Paradossalmente, solo con l’avvento del Dopoguerra in Italia, Rita prende la decisione di recarsi all’estero. Quella che doveva essere un’esperienza di studio di sei mesi si trasforma in un soggiorno trentennale negli Stati Uniti.  Proprio a quei trent’anni è dedicato il terzo capitolo del libro, in cui l’autrice delinea un affresco della società americana, traccia affettuosi ritratti dei più stretti amici e collaboratori e ripercorre il suo percorso di studi, ricordando le sue prime grandi scoperte scientifiche insieme ai dubbi, alle perplessità, alle sfide che le hanno precedute. Per i non addetti ai lavori questa rappresenta senza dubbio la parte più complessa dell’opera. Per quanto l’autrice cerchi di rendere fruibile al grande pubblico il suo campo di studio, la complessità dei temi trattati e la specificità dei termini utilizzati fa sì che alcune parti risultino più lente e meno chiare rispetto alle pagine precedenti. Per coloro che si occupano di neuroscienze, sarà tuttavia estremamente interessante ripercorrere quali fasi sperimentali e quali ipotesi hanno preceduto la scoperta del Nerve Growth Factor, il fattore di crescita neuronale per la quale la scienziata ha meritato il Nobel. Coloro che si occupano di ricerca saranno invece incuriositi dal singolare affresco delle procedure dell’epoca, in cui mancavano le attuali tecnologie e mezzi di comunicazione; fitti scambi epistolari, che Rita arricchiva con i disegni di ciò che osservava al microscopio, erano la prassi per fornire e ricevere pareri tra colleghi. Infine, per qualsiasi lettore, risulterà di impagabile valore l’esempio di “folle” tenacia nel perseguire quell’intuizione che inizialmente professori e colleghi, increduli, osteggiavano, e nell’affrontare i periodi di “stallo”, in cui il lavoro compiuto appariva fallimentare.

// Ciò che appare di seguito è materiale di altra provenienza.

Lemma mem_bitseqs (bs : seq bool) : bs \in bitseqs (size bs).
Proof.
by elim: bs => //= b bs IHbs; case: b; rewrite !mem_cat map_f ?orbT.
Qed.

(* The exhaustive check below runs under [vm_compute], where neither finset
   membership nor [enum 'I_3] reduces (both go through [insub] and the opaque
   [idP]).  Subsets of [E] are therefore encoded by their characteristic bit
   vectors along the explicit enumeration [els], and listed sets by the
   positions of their elements; [classifies] takes these encodings as
   arguments so that they are evaluated only once. *)
Definition ords3 : seq 'I_3 := [:: @Ordinal 3 0 isT; @Ordinal 3 1 isT; @Ordinal 3 2 isT].

Lemma mem_ords3 (i : 'I_3) : i \in ords3.
Proof. by case: i => [[|[|[|n]]] ?]. Qed.

Definition els : seq E := [seq f i | i <- ords3, f <- [:: pl; ql; sl; tl]].

Lemma mem_els (x : E) : x \in els.
Proof. by case: x => [[[|[|[|[|l]]]] ?] [[|[|[|i]]] ?]]. Qed.

Lemma els_uniq : uniq els.
Proof. by []. Qed.

Definition code {pT : predType E} (A : pT) : seq bool := [seq x \in A | x <- els].

Lemma nth_code (pT : predType E) (A : pT) (x : E) :
  nth false (code A) (index x els) = (x \in A).
Proof. by rewrite (nth_map x) ?index_mem ?mem_els // nth_index ?mem_els. Qed.

Lemma size_code (pT : predType E) (A : pT) : size (code A) = 12.
Proof. by rewrite size_map. Qed.

Lemma count_code (A : {set E}) : count id (code A) = #|A|.
Proof.
rewrite count_map -(card_setI_seq A els_uniq) (setIidPl _) //.
by apply/subsetP => x _; rewrite inE mem_els.
Qed.

Lemma code_set_seq (A : {set E}) (s : seq E) : code A = code s -> A = [set:: s].
Proof. by move=> eq_code; apply/setP => x; rewrite inE -!nth_code eq_code. Qed.

Definition positions (s : seq E) : seq nat := [seq index x els | x <- s].

Lemma count_positions (A : {set E}) (s : seq E) :
  count (nth false (code A)) (positions s) = count (mem A) s.
Proof. by rewrite count_map; apply: eq_count => x; rewrite /= nth_code. Qed.

Lemma all_positions (A : {set E}) (s : seq E) :
  all (nth false (code A)) (positions s) = all (mem A) s.
Proof. by rewrite all_map; apply: eq_all => x; rewrite /= nth_code. Qed.

Definition listed_circuits : seq (seq E) := flatten [seq let j := nxt i in
  [:: [:: pl i; ql i; sl i; tl i]; [:: pl i; ql i; pl j; sl j]; [:: pl i; ql i; ql j; tl j];
      [:: sl i; tl i; pl j; sl j]; [:: sl i; tl i; ql j; tl j]] | i <- ords3].

Definition listed_cocircuits : seq (seq E) := flatten [seq let j := nxt i in
  [:: [:: pl i; ql i; sl i; tl i]; [:: pl i; sl i; pl j; ql j]; [:: pl i; sl i; sl j; tl j];
      [:: ql i; tl i; pl j; ql j]; [:: ql i; tl i; sl j; tl j]] | i <- ords3].

Lemma listed_quad (s : seq E) :
  s \in listed_circuits \/ s \in listed_cocircuits -> uniq s /\ #|[set:: s]| = 4.
Proof.
have /allP quads : all (fun s => uniq s && (size s == 4)) (listed_circuits ++ listed_cocircuits).
  by [].
move=> /orP; rewrite -mem_cat => /quads /andP[uniq_s /eqP size_s].
by rewrite cardsE (card_uniqP uniq_s).
Qed.

Lemma set_seq4 (a b c d : E) : [set:: [:: a; b; c; d]] = [set a; b; c; d].
Proof. by apply/setP => x; rewrite !inE !orbA. Qed.

Lemma listed_circuits_listed4 (L : seq E) : L \in listed_circuits -> listed4 [set:: L].
Proof.
case/flattenP => _ /mapP[i _ ->] Li; exists i; move: Li.
by rewrite !inE => /or4P[| | | /orP[]] /eqP->; rewrite set_seq4; do ?[left; done | right].
Qed.

Definition zlist (i : 'I_3) (a b c : bool) : seq E :=
  let j := nxt i in let k := nxt j in
  (if a then [:: pl i; ql i] else [:: sl i; tl i]) ++
  (if b then [:: pl j; tl j] else [:: ql j; sl j]) ++
  (if c then [:: pl k; sl k] else [:: ql k; tl k]).

Definition xlist (f : 'I_3 -> bool) : seq E :=
  flatten [seq if f i then [:: pl i; tl i] else [:: ql i; sl i] | i <- ords3].

Lemma Zset_zlist (i : 'I_3) (a b c : bool) : Zset i a b c = [set:: zlist i a b c].
Proof. by apply/setP => x; case: a b c => [] [] []; rewrite !inE /= ?inE !orbA. Qed.

Lemma XJ_xlist (f : 'I_3 -> bool) : XJ [set i | f i] = [set:: xlist f].
Proof.
apply/setP => x; rewrite inE; apply/bigcupP/flattenP => [[i _] | [s /mapP[i _ ->]]].
  rewrite inE => xi; exists (if f i then [:: pl i; tl i] else [:: ql i; sl i]).
    exact: (map_f _ (mem_ords3 i)).
  by case: (f i) xi; rewrite !inE.
by move=> xi; exists i => //; rewrite inE; case: (f i) xi; rewrite !inE.
Qed.

Definition zlists : seq (seq E) :=
  [seq zlist i (nth false bs 0) (nth false bs 1) (nth false bs 2) | i <- ords3, bs <- bitseqs 3].

Definition xlists : seq (seq E) := [seq xlist (nth false bs) | bs <- bitseqs 3].

Lemma zlistsP (s : seq E) : reflect (exists i a b c, s = zlist i a b c) (s \in zlists).
Proof.
apply: (iffP allpairsP) => [[[i bs] [_ _ ->]] | [i [a [b [c ->]]]]].
  by exists i, (nth false bs 0), (nth false bs 1), (nth false bs 2).
by exists (i, [:: a; b; c]); rewrite mem_ords3 (mem_bitseqs [:: a; b; c]).
Qed.

Lemma xlists_XJ (s : seq E) : s \in xlists -> exists J, [set:: s] = XJ J.
Proof. by case/mapP => bs _ ->; exists [set i : 'I_3 | nth false bs i]; rewrite XJ_xlist. Qed.

Definition admissible_bits (cs ks : seq (seq nat)) (bs : seq bool) : bool :=
  [&& 0 < count id bs <= 6, all (fun D => count (nth false bs) D != 1) ks &
      all (fun L => all (nth false bs) L ==> (count id bs == 4)) cs].

Definition classifies (cs ks : seq (seq nat)) (zx : seq (seq bool)) (bs : seq bool) : bool :=
  admissible_bits cs ks bs ==>
  (count id bs == 4) && has (all (nth false bs)) cs || (count id bs == 6) && (bs \in zx).

Lemma classifies_bitseqs :
  all (classifies (map positions listed_circuits) (map positions listed_cocircuits)
                  [seq code s | s <- zlists ++ xlists]) (bitseqs 12).
Proof. by vm_compute. Qed.

Definition admissible (C : {set E}) : bool :=
  [&& 0 < #|C| <= 6, all (fun D => count (mem C) D != 1) listed_cocircuits &
      all (fun L => all (mem C) L ==> (#|C| == 4)) listed_circuits].

Lemma admissible_bits_code (C : {set E}) :
  admissible_bits (map positions listed_circuits) (map positions listed_cocircuits) (code C)
  = admissible C.
Proof.
rewrite /admissible_bits count_code !all_map.
by congr [&& _, _ & _]; apply: eq_all => s; rewrite /= ?count_positions ?all_positions.
Qed.

Lemma admissible_classification (C : {set E}) : admissible C ->
  (#|C| = 4 /\ exists2 L, L \in listed_circuits & [set:: L] \subset C) \/
  (#|C| = 6 /\ exists2 s, s \in zlists ++ xlists & C = [set:: s]).
Proof.
have := mem_bitseqs (code C); rewrite size_code => /(allP classifies_bitseqs).
rewrite /classifies admissible_bits_code count_code => classC /(implyP classC).
case/orP => [/andP[/eqP C4 /hasP[_ /mapP[L Lc ->]]] | /andP[/eqP C6 /mapP[s zx_s eq_code]]].
  rewrite all_positions => LC; left; split=> //; exists L => //.
  by apply/subsetP => x; rewrite inE => /(allP LC).
by right; split=> //; exists s => //; apply: code_set_seq.
Qed.

Lemma zlists_avoid_listed :
  all (fun s => [&& uniq s, size s == 6, all (fun L => ~~ all (mem s) L) listed_circuits
                 & has (fun D => ~~ has (mem s) D) listed_cocircuits]) zlists.
Proof. by vm_compute. Qed.

Section StandardQuadFlower.
Variable M : matroid E.
Hypothesis HM : quad_flower_std M.

Lemma quad_flower_mrank : mrank M = 6.
Proof. by case: HM => _ []. Qed.

Lemma listed4_circuit (C : {set E}) : listed4 C -> circuit M C.
Proof.
case: HM => _ [_ [_ HMi]] [i /=]; have [circ_i _ [circ1 circ2 circ3 circ4] _] := HMi i.
by case=> [->|[->|[->|[->|->]]]].
Qed.

Lemma listed_cocircuit (D : seq E) : D \in listed_cocircuits -> cocircuit M [set:: D].
Proof.
case: HM => _ [_ [_ HMi]] /flattenP[_ /mapP[i _ ->]].
have [_ coc_i _ [coc1 coc2 coc3 coc4]] := HMi i.
by rewrite !inE => /or4P[| | | /orP[]] /eqP->; rewrite set_seq4.
Qed.

Lemma circuit_admissible (C : {set E}) : circuit M C -> #|C| <= 6 -> admissible C.
Proof.
move=> circC leC6; apply/and3P; split.
- by rewrite card_gt0 (circuit_neq0 circC).
- apply/allP => D Dk; have [uniq_D _] := listed_quad (or_intror Dk).
  rewrite -card_setI_seq //; exact: circuit_cocircuit_card_neq1 circC (listed_cocircuit Dk).
- apply/allP => L Lc; apply/implyP => LC.
  have sLC : [set:: L] \subset C by apply/subsetP => x; rewrite inE => /(allP LC).
  have circL := listed4_circuit (listed_circuits_listed4 Lc).
  have [_ <-] := listed_quad (or_introl Lc).
  by rewrite (minsetinf circC (circuit_dep circL) sLC).
Qed.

A concludere l’opera vi è il quarto capitolo, che non coincide con il gli ultimi anni di vita della scienziata, ma chiude il cerchio del percorso di studi e familiare delineato in precedenza. E’ il capitolo del rientro in Italia, del ricongiungimento con la famiglia e dell’apertura del centro per lo studio delle neuroscienze, da lei diretto, a Roma. Il lutto per la morte della madre e le difficoltà nel dirigere un istituto di ricerca in Italia sono un’ennesima sfida. Rita, come in passato, non si tira indietro. E, con questo ultimo esempio, sembra voler ribadire la profonda convinzione che, sia nello studio del “meraviglioso e quanto mai imperfetto cervello dell’Homo Sapiens” sia nella vita privata, limiti e imperfezioni siano inevitabili e non debbano diventare pretesti per arrestare il cammino prefissato.

Considerando in retrospettiva il mio lungo percorso, quello di coetanei e colleghi, (…) credo di poter affermare che, nella ricerca scientifica, nè il grado d’intelligenza, nè la capacità di eseguire e portare a termine con esattezza il compito intrapreso, siano i fattori essenziali per la riuscita e la soddisfazione personale. Nell’una e nell’altra contano maggiormente la totale dedizione e il chiudere gli occhi davanti alle difficoltà: in tal modo possiamo affrontare problemi che altri, più critici e più acuti, non affronterebbero.”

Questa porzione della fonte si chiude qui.